Saved entries:
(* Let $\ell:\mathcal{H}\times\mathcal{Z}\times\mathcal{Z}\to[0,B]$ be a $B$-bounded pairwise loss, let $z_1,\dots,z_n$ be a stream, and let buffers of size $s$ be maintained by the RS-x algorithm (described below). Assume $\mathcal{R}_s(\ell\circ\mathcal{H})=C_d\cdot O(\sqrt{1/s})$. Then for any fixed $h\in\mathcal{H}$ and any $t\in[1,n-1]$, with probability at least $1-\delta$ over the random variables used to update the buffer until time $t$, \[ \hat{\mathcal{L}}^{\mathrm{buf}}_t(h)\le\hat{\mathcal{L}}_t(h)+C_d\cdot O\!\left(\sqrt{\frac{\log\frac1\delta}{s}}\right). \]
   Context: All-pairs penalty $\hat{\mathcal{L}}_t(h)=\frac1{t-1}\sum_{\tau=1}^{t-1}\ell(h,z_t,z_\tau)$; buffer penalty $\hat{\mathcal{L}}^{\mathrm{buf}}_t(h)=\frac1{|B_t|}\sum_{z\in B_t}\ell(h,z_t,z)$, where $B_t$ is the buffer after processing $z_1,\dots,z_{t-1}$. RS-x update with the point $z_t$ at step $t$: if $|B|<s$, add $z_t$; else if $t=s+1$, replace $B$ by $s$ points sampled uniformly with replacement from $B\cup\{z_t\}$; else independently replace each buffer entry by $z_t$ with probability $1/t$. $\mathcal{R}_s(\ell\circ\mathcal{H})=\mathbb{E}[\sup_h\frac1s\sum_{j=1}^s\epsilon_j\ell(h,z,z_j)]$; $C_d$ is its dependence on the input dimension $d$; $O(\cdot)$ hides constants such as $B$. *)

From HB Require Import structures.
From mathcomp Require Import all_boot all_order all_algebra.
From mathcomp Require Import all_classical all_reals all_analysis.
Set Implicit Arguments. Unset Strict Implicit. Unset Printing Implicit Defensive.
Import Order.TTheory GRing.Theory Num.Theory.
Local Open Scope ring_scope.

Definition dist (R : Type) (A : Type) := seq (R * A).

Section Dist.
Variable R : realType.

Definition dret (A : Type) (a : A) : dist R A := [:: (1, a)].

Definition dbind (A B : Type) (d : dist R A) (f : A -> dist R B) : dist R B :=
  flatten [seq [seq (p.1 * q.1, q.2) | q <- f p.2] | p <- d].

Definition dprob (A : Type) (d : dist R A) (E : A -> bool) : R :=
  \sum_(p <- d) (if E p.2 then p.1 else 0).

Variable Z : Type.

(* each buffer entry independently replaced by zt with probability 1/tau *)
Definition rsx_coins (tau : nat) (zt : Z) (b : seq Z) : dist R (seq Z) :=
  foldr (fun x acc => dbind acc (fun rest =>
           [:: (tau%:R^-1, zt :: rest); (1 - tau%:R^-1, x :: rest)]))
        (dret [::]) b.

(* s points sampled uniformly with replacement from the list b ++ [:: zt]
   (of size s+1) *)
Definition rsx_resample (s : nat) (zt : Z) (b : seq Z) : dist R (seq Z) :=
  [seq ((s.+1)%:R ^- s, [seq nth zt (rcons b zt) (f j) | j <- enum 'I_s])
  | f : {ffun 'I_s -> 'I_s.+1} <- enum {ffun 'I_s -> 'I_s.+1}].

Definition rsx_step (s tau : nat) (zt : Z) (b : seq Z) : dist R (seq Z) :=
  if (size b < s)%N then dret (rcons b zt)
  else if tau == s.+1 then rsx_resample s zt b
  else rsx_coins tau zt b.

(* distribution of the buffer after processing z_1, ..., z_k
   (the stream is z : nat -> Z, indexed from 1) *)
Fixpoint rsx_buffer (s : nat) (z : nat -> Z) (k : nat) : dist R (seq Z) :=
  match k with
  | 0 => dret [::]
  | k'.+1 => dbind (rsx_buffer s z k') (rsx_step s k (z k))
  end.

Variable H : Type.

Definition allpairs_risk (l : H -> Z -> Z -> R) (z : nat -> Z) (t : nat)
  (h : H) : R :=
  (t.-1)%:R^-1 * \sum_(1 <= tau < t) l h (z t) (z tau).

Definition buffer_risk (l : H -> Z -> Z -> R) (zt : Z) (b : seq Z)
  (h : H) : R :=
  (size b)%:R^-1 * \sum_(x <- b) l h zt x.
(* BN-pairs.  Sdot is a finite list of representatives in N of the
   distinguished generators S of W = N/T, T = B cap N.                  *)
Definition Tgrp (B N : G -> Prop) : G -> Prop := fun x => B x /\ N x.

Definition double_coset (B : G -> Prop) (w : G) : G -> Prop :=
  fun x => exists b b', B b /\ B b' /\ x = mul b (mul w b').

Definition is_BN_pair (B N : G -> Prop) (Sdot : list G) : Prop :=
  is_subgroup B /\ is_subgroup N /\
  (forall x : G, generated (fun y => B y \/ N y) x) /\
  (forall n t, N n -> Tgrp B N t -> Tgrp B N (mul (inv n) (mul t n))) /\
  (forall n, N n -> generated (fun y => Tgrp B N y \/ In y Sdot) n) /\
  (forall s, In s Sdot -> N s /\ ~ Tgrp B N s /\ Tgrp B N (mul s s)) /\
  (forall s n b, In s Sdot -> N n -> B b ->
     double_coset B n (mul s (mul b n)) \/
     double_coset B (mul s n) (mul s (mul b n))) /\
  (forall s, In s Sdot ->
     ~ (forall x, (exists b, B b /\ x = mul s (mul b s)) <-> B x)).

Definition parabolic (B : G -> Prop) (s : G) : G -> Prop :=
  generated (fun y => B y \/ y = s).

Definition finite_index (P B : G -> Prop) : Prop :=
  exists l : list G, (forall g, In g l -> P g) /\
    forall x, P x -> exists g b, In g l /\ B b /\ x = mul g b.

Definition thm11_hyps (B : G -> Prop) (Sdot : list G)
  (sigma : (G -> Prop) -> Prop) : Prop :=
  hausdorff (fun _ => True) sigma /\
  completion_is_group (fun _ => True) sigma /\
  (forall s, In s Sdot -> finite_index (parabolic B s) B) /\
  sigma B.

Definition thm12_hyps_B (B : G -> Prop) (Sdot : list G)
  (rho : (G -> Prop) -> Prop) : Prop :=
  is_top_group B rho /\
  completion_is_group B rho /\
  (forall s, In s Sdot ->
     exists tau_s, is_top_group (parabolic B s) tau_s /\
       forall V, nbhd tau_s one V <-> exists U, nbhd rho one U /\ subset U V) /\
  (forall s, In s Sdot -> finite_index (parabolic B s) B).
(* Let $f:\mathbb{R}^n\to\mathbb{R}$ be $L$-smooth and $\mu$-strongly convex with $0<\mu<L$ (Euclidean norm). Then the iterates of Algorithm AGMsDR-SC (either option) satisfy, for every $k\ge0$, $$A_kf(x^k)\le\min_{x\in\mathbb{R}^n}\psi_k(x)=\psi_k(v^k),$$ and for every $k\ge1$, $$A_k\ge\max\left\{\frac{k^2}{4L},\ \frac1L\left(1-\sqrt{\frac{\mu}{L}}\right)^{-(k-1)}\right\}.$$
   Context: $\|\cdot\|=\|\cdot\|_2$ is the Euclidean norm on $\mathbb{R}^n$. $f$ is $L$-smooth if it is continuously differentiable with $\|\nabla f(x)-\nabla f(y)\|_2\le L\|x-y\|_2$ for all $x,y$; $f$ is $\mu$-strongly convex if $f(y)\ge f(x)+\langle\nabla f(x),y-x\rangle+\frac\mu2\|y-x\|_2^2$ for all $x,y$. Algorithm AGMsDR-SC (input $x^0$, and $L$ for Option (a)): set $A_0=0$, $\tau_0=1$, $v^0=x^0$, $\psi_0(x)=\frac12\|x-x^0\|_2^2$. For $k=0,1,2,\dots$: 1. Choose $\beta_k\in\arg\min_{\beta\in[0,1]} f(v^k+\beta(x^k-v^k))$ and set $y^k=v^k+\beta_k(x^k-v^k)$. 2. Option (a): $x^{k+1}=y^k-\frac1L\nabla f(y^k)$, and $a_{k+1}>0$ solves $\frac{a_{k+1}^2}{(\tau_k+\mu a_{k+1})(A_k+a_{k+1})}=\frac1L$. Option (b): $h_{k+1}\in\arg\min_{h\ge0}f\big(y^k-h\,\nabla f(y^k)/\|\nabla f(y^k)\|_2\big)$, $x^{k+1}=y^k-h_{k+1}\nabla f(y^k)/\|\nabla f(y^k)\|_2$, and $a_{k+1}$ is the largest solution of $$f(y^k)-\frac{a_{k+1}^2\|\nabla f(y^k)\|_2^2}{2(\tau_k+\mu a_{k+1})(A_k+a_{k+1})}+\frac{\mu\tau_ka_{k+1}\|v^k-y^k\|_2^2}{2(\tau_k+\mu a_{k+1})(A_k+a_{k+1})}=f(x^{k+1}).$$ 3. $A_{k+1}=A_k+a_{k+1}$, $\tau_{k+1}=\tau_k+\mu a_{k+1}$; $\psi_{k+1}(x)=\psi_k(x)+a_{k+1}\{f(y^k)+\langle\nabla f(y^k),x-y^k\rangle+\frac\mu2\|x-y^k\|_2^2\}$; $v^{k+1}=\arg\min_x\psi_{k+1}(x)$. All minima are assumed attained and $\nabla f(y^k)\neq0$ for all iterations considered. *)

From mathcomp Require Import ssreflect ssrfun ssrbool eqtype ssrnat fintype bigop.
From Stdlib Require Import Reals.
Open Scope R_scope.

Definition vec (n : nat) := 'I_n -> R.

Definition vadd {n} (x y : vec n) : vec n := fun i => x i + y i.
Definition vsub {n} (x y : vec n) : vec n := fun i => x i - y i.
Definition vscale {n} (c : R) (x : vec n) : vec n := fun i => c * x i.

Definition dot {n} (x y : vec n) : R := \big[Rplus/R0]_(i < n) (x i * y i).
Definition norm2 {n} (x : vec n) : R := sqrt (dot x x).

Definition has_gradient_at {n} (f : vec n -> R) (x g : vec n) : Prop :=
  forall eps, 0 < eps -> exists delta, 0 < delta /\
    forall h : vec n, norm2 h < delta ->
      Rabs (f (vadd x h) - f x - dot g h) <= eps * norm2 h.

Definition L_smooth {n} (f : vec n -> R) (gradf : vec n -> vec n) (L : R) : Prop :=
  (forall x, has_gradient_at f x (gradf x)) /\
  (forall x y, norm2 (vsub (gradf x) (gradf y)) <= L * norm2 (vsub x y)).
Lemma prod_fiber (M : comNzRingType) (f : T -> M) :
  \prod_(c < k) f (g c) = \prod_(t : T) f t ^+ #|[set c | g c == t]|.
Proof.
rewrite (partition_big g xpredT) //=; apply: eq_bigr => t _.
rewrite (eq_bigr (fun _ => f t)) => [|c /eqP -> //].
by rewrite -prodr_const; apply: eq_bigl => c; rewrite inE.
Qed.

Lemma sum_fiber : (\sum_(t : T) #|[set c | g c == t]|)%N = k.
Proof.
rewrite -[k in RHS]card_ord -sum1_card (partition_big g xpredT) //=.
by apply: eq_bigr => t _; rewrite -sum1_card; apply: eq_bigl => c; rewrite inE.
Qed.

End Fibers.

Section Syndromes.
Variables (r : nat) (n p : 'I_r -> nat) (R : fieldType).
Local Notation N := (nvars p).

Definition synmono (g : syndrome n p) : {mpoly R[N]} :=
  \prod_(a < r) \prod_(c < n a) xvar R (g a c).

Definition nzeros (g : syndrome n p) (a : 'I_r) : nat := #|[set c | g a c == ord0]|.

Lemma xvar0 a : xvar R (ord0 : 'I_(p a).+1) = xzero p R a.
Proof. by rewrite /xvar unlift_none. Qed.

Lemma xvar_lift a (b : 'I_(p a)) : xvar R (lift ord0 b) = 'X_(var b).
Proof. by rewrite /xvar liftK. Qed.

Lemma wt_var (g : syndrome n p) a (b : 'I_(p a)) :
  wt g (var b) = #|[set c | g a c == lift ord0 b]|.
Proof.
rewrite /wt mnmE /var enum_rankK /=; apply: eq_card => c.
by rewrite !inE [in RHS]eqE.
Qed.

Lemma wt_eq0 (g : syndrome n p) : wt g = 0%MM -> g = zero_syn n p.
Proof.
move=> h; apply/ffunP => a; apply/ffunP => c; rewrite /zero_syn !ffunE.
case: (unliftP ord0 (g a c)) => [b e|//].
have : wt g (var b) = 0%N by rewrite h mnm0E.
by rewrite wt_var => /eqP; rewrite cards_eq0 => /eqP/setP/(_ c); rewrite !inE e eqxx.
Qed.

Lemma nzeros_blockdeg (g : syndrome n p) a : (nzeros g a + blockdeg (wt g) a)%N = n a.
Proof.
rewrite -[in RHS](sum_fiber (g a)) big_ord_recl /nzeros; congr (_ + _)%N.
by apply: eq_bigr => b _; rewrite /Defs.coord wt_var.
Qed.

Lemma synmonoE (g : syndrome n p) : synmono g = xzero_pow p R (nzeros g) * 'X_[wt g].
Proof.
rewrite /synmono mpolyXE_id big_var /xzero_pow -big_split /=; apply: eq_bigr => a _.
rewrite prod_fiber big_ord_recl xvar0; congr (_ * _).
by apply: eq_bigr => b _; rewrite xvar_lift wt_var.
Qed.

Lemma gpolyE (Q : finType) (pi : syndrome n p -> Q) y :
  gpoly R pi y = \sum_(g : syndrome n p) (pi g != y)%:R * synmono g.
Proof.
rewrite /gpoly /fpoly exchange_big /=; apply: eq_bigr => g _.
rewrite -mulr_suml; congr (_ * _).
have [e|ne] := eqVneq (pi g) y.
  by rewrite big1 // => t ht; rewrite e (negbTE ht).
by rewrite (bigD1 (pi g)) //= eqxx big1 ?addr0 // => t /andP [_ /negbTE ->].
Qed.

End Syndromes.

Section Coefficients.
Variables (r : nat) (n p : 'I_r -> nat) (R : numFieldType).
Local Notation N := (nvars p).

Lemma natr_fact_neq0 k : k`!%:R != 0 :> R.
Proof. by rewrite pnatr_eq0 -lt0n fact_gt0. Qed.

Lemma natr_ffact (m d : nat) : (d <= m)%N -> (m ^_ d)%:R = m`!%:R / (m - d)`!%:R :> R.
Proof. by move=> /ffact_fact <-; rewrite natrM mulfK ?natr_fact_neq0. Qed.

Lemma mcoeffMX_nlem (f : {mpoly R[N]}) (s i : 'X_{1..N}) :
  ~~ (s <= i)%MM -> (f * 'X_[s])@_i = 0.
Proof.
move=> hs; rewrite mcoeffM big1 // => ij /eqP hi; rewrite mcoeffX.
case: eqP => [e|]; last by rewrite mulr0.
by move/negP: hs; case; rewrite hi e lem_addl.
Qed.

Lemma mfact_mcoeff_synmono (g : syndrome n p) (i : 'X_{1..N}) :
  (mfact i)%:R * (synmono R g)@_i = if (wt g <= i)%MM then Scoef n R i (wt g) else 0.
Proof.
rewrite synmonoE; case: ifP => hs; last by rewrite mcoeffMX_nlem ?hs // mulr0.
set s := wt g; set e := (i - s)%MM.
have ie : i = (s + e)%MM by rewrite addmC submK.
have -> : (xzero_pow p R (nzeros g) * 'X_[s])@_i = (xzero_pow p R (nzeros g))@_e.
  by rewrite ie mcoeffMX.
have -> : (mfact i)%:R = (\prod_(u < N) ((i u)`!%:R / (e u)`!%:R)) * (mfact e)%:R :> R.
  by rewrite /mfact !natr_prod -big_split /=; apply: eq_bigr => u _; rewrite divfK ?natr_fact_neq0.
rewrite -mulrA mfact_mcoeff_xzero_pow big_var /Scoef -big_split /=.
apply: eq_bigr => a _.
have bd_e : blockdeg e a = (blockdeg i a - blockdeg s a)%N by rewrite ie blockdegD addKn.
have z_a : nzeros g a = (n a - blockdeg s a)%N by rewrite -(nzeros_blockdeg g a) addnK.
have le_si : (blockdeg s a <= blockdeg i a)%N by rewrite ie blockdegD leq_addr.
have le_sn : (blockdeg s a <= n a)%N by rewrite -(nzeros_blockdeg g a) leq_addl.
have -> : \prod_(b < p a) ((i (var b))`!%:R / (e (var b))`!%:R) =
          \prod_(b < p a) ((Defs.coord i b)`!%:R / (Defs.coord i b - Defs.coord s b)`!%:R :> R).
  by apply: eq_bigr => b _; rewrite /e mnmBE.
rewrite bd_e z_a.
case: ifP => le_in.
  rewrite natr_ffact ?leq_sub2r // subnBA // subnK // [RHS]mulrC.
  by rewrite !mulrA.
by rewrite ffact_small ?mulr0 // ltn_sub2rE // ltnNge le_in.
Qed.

Instructions to follow:
Go over the data and return every line that includes the word "entry".

Task response:
   Context: All-pairs penalty $\hat{\mathcal{L}}_t(h)=\frac1{t-1}\sum_{\tau=1}^{t-1}\ell(h,z_t,z_\tau)$; buffer penalty $\hat{\mathcal{L}}^{\mathrm{buf}}_t(h)=\frac1{|B_t|}\sum_{z\in B_t}\ell(h,z_t,z)$, where $B_t$ is the buffer after processing $z_1,\dots,z_{t-1}$. RS-x update with the point $z_t$ at step $t$: if $|B|<s$, add $z_t$; else if $t=s+1$, replace $B$ by $s$ points sampled uniformly with replacement from $B\cup\{z_t\}$; else independently replace each buffer entry by $z_t$ with probability $1/t$. $\mathcal{R}_s(\ell\circ\mathcal{H})=\mathbb{E}[\sup_h\frac1s\sum_{j=1}^s\epsilon_j\ell(h,z,z_j)]$; $C_d$ is its dependence on the input dimension $d$; $O(\cdot)$ hides constants such as $B$. *)
(* each buffer entry independently replaced by zt with probability 1/tau *)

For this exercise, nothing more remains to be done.